(Data for review)
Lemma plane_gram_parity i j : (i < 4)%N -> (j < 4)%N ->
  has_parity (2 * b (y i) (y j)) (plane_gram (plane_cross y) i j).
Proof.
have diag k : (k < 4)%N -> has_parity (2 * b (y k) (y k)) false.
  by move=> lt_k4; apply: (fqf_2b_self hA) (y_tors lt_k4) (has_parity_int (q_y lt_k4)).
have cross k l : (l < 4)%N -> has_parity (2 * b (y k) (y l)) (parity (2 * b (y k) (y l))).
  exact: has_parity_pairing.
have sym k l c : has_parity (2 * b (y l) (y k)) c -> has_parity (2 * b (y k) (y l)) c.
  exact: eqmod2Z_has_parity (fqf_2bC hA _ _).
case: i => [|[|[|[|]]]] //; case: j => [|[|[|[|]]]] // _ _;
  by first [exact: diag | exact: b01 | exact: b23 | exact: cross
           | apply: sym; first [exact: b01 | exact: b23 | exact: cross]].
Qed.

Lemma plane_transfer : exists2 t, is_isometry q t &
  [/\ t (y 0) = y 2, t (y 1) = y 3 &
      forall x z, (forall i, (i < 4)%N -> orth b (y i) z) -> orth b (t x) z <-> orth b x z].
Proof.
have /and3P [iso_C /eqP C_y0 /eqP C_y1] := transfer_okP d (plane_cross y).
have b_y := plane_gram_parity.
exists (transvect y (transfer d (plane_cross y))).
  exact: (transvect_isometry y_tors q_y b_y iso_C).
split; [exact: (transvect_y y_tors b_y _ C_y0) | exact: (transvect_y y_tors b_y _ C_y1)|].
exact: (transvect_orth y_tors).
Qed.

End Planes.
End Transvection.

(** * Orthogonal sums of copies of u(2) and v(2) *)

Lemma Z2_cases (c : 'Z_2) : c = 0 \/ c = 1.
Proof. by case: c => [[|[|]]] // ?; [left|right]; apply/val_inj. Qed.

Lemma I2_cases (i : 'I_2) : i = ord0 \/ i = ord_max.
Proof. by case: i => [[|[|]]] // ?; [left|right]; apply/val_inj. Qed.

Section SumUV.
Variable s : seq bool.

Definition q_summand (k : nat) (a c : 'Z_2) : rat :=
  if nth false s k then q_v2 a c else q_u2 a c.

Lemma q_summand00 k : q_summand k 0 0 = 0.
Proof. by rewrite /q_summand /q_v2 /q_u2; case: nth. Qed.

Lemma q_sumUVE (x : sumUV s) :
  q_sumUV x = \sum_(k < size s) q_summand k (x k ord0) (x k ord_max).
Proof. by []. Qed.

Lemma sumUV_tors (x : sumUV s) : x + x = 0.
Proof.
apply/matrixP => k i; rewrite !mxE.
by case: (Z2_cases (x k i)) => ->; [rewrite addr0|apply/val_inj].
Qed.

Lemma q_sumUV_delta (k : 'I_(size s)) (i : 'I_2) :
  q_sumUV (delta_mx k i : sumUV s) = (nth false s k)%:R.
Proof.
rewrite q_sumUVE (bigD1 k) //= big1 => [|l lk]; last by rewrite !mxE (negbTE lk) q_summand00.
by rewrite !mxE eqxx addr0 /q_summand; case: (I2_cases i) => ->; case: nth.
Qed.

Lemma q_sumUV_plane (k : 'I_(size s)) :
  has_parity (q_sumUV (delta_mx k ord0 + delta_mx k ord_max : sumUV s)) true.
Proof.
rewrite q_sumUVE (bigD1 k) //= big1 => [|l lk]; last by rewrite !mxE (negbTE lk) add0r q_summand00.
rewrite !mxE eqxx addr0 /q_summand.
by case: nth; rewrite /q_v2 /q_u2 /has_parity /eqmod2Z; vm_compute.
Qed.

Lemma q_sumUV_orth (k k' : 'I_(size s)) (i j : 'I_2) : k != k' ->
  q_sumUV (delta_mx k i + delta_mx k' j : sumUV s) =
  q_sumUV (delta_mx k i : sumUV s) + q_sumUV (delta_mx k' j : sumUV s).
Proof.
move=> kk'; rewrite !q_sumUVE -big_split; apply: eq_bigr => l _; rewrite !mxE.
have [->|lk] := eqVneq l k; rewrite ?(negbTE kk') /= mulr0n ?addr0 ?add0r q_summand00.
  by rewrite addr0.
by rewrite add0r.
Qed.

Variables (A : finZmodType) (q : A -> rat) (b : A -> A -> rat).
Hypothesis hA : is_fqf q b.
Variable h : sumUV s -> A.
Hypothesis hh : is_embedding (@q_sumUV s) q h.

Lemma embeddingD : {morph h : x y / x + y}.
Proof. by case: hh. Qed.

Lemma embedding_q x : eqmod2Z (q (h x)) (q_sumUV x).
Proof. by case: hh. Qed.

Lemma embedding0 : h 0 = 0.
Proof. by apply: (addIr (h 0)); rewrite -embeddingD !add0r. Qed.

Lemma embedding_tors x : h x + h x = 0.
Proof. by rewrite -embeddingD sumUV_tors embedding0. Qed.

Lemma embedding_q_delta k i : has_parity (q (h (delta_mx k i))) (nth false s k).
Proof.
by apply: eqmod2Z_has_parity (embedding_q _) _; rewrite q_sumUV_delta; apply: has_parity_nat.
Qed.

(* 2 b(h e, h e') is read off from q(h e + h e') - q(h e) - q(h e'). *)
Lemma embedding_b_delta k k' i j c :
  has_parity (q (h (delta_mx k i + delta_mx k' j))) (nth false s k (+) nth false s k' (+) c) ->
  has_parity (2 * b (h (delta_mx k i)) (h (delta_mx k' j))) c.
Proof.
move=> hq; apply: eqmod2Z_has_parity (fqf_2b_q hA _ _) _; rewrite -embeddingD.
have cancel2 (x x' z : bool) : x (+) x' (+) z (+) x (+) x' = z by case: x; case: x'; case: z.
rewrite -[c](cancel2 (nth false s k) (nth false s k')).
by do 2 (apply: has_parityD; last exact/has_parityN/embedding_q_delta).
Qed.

* * *

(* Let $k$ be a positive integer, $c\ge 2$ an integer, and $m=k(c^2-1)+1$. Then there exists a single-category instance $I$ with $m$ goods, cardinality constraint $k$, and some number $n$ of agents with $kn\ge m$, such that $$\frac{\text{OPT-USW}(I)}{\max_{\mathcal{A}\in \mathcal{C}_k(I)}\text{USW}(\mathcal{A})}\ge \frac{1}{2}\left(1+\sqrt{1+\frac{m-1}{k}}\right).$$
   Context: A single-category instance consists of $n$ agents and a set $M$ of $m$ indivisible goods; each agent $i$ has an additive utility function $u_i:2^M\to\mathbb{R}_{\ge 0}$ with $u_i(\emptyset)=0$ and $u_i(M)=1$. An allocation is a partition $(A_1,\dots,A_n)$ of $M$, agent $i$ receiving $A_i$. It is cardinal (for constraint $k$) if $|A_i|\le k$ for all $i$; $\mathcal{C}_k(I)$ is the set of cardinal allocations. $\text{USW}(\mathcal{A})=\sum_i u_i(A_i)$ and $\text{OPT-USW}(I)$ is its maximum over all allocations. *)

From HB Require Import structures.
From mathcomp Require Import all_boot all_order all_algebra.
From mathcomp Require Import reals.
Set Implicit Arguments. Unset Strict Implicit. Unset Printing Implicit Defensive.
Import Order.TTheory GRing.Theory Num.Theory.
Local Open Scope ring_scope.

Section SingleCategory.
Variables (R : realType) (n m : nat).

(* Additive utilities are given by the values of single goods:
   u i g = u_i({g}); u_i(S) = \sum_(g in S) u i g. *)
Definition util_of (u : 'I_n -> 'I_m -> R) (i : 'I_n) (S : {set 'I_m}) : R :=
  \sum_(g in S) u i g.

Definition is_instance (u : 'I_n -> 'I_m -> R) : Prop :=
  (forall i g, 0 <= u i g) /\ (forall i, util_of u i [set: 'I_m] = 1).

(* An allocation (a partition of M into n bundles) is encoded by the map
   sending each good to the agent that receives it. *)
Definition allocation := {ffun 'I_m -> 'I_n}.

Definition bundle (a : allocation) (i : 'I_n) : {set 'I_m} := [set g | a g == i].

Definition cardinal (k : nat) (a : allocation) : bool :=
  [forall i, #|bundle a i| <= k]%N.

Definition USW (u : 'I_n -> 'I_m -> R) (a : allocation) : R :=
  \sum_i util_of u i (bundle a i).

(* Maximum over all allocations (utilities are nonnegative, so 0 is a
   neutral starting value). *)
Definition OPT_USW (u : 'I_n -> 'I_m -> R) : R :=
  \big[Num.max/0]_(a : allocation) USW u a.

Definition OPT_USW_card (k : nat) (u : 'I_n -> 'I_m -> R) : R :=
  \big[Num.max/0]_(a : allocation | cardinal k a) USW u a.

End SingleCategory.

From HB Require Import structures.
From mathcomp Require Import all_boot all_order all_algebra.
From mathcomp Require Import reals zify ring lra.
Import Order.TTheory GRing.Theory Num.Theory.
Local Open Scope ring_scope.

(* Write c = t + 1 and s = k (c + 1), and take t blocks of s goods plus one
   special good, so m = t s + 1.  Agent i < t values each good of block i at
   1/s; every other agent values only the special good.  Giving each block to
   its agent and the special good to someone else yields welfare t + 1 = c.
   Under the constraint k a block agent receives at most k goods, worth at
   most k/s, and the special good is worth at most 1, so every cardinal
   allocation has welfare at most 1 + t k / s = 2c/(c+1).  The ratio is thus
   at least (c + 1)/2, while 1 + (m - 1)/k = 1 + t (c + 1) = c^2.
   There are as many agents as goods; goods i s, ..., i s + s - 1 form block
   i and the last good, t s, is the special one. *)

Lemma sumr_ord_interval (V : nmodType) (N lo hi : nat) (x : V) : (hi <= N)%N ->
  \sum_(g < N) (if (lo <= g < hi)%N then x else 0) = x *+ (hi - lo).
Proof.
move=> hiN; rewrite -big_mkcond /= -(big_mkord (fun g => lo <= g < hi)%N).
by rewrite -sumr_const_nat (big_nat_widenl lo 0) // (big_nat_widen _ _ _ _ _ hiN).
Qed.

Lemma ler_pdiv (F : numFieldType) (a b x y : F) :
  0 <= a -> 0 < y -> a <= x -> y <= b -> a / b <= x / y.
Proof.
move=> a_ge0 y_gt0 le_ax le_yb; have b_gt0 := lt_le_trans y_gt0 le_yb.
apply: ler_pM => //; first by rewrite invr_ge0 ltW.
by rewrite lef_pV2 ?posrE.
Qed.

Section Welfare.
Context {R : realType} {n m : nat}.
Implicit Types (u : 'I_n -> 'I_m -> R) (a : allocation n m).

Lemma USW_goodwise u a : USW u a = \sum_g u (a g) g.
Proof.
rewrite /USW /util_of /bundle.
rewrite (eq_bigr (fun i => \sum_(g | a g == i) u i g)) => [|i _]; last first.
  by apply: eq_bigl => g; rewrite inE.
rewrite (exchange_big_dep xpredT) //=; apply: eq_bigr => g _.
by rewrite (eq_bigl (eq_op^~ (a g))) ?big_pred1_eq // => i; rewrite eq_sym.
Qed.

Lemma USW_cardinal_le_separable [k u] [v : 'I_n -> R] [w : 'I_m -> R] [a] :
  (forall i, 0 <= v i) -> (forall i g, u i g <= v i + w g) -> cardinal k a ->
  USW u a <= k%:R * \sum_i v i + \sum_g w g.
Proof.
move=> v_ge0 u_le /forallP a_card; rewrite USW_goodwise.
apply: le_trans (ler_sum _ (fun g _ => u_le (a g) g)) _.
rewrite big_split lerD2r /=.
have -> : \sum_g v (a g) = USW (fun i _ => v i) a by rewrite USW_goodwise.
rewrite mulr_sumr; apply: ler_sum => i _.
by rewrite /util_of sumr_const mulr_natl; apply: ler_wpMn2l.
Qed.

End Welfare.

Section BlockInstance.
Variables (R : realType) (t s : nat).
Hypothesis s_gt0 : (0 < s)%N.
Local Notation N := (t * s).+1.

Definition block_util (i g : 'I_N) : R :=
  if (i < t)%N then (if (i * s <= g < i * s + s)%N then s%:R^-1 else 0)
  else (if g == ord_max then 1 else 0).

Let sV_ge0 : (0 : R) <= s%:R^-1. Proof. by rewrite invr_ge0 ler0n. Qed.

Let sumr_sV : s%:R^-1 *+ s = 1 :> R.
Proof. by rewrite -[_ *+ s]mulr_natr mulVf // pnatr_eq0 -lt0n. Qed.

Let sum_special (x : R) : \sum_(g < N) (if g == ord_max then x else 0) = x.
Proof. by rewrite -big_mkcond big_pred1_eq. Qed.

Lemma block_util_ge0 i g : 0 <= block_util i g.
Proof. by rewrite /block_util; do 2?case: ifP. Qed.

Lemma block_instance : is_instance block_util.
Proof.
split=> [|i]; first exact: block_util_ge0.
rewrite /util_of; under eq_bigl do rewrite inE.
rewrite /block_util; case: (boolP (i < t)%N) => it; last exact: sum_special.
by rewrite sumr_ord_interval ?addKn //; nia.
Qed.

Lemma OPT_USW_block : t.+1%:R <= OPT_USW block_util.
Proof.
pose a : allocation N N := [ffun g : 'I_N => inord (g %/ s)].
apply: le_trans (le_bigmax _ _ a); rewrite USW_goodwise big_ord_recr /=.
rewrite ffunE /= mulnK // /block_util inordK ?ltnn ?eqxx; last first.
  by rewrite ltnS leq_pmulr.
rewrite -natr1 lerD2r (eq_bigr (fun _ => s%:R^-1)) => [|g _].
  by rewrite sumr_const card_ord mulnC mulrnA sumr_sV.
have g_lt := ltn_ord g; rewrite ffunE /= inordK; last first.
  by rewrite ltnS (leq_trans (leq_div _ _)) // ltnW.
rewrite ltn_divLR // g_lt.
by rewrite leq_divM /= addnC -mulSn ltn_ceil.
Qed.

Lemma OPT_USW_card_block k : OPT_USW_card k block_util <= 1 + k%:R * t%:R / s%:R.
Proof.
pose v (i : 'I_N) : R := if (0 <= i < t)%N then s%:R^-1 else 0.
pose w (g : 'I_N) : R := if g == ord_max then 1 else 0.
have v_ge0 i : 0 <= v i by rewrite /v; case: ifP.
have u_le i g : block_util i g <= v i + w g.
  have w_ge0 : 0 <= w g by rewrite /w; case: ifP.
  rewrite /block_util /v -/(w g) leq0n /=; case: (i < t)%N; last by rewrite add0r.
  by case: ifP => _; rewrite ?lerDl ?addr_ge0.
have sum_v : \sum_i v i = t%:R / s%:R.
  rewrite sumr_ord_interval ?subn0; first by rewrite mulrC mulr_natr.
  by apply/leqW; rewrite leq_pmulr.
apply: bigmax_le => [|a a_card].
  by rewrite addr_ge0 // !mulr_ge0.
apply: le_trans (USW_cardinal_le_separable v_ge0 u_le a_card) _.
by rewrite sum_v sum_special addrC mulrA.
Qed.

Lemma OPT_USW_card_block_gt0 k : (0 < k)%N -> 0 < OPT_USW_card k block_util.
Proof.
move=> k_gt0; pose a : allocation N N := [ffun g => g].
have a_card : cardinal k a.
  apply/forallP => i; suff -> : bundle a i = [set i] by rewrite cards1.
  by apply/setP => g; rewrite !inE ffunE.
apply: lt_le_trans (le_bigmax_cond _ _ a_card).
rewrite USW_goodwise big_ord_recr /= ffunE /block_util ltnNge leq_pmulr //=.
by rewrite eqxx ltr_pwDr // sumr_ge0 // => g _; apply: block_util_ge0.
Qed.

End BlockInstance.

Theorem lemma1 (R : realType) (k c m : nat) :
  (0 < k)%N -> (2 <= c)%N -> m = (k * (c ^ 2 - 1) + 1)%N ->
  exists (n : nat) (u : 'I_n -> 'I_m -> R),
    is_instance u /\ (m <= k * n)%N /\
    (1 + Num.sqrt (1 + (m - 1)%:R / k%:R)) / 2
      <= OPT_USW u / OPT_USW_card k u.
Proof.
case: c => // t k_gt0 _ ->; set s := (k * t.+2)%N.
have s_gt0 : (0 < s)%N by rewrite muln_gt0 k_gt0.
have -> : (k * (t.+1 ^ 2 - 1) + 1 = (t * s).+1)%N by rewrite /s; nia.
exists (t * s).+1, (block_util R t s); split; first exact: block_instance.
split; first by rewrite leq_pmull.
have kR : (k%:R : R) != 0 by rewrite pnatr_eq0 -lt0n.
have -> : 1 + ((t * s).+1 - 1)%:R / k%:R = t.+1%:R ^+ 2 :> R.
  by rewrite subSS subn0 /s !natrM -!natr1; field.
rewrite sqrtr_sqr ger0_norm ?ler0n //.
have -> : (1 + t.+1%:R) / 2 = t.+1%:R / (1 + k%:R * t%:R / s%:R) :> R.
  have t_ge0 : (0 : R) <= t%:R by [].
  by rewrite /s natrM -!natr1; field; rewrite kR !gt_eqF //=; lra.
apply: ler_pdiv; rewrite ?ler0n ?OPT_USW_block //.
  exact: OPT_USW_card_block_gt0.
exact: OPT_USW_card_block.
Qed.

(What is required) In the material above, transcribe exactly the lines beginning at the one with "apply: ler_pM =>" and ending at the one with "rewrite /block_util; case: (boolP", both included.

(Solved problem)
apply: ler_pM => //; first by rewrite invr_ge0 ltW.
by rewrite lef_pV2 ?posrE.
Qed.

Section Welfare.
Context {R : realType} {n m : nat}.
Implicit Types (u : 'I_n -> 'I_m -> R) (a : allocation n m).

Lemma USW_goodwise u a : USW u a = \sum_g u (a g) g.
Proof.
rewrite /USW /util_of /bundle.
rewrite (eq_bigr (fun i => \sum_(g | a g == i) u i g)) => [|i _]; last first.
  by apply: eq_bigl => g; rewrite inE.
rewrite (exchange_big_dep xpredT) //=; apply: eq_bigr => g _.
by rewrite (eq_bigl (eq_op^~ (a g))) ?big_pred1_eq // => i; rewrite eq_sym.
Qed.

Lemma USW_cardinal_le_separable [k u] [v : 'I_n -> R] [w : 'I_m -> R] [a] :
  (forall i, 0 <= v i) -> (forall i g, u i g <= v i + w g) -> cardinal k a ->
  USW u a <= k%:R * \sum_i v i + \sum_g w g.
Proof.
move=> v_ge0 u_le /forallP a_card; rewrite USW_goodwise.
apply: le_trans (ler_sum _ (fun g _ => u_le (a g) g)) _.
rewrite big_split lerD2r /=.
have -> : \sum_g v (a g) = USW (fun i _ => v i) a by rewrite USW_goodwise.
rewrite mulr_sumr; apply: ler_sum => i _.
by rewrite /util_of sumr_const mulr_natl; apply: ler_wpMn2l.
Qed.

End Welfare.

Section BlockInstance.
Variables (R : realType) (t s : nat).
Hypothesis s_gt0 : (0 < s)%N.
Local Notation N := (t * s).+1.

Definition block_util (i g : 'I_N) : R :=
  if (i < t)%N then (if (i * s <= g < i * s + s)%N then s%:R^-1 else 0)
  else (if g == ord_max then 1 else 0).

Let sV_ge0 : (0 : R) <= s%:R^-1. Proof. by rewrite invr_ge0 ler0n. Qed.

Let sumr_sV : s%:R^-1 *+ s = 1 :> R.
Proof. by rewrite -[_ *+ s]mulr_natr mulVf // pnatr_eq0 -lt0n. Qed.

Let sum_special (x : R) : \sum_(g < N) (if g == ord_max then x else 0) = x.
Proof. by rewrite -big_mkcond big_pred1_eq. Qed.

Lemma block_util_ge0 i g : 0 <= block_util i g.
Proof. by rewrite /block_util; do 2?case: ifP. Qed.

Lemma block_instance : is_instance block_util.
Proof.
split=> [|i]; first exact: block_util_ge0.
rewrite /util_of; under eq_bigl do rewrite inE.
rewrite /block_util; case: (boolP (i < t)%N) => it; last exact: sum_special.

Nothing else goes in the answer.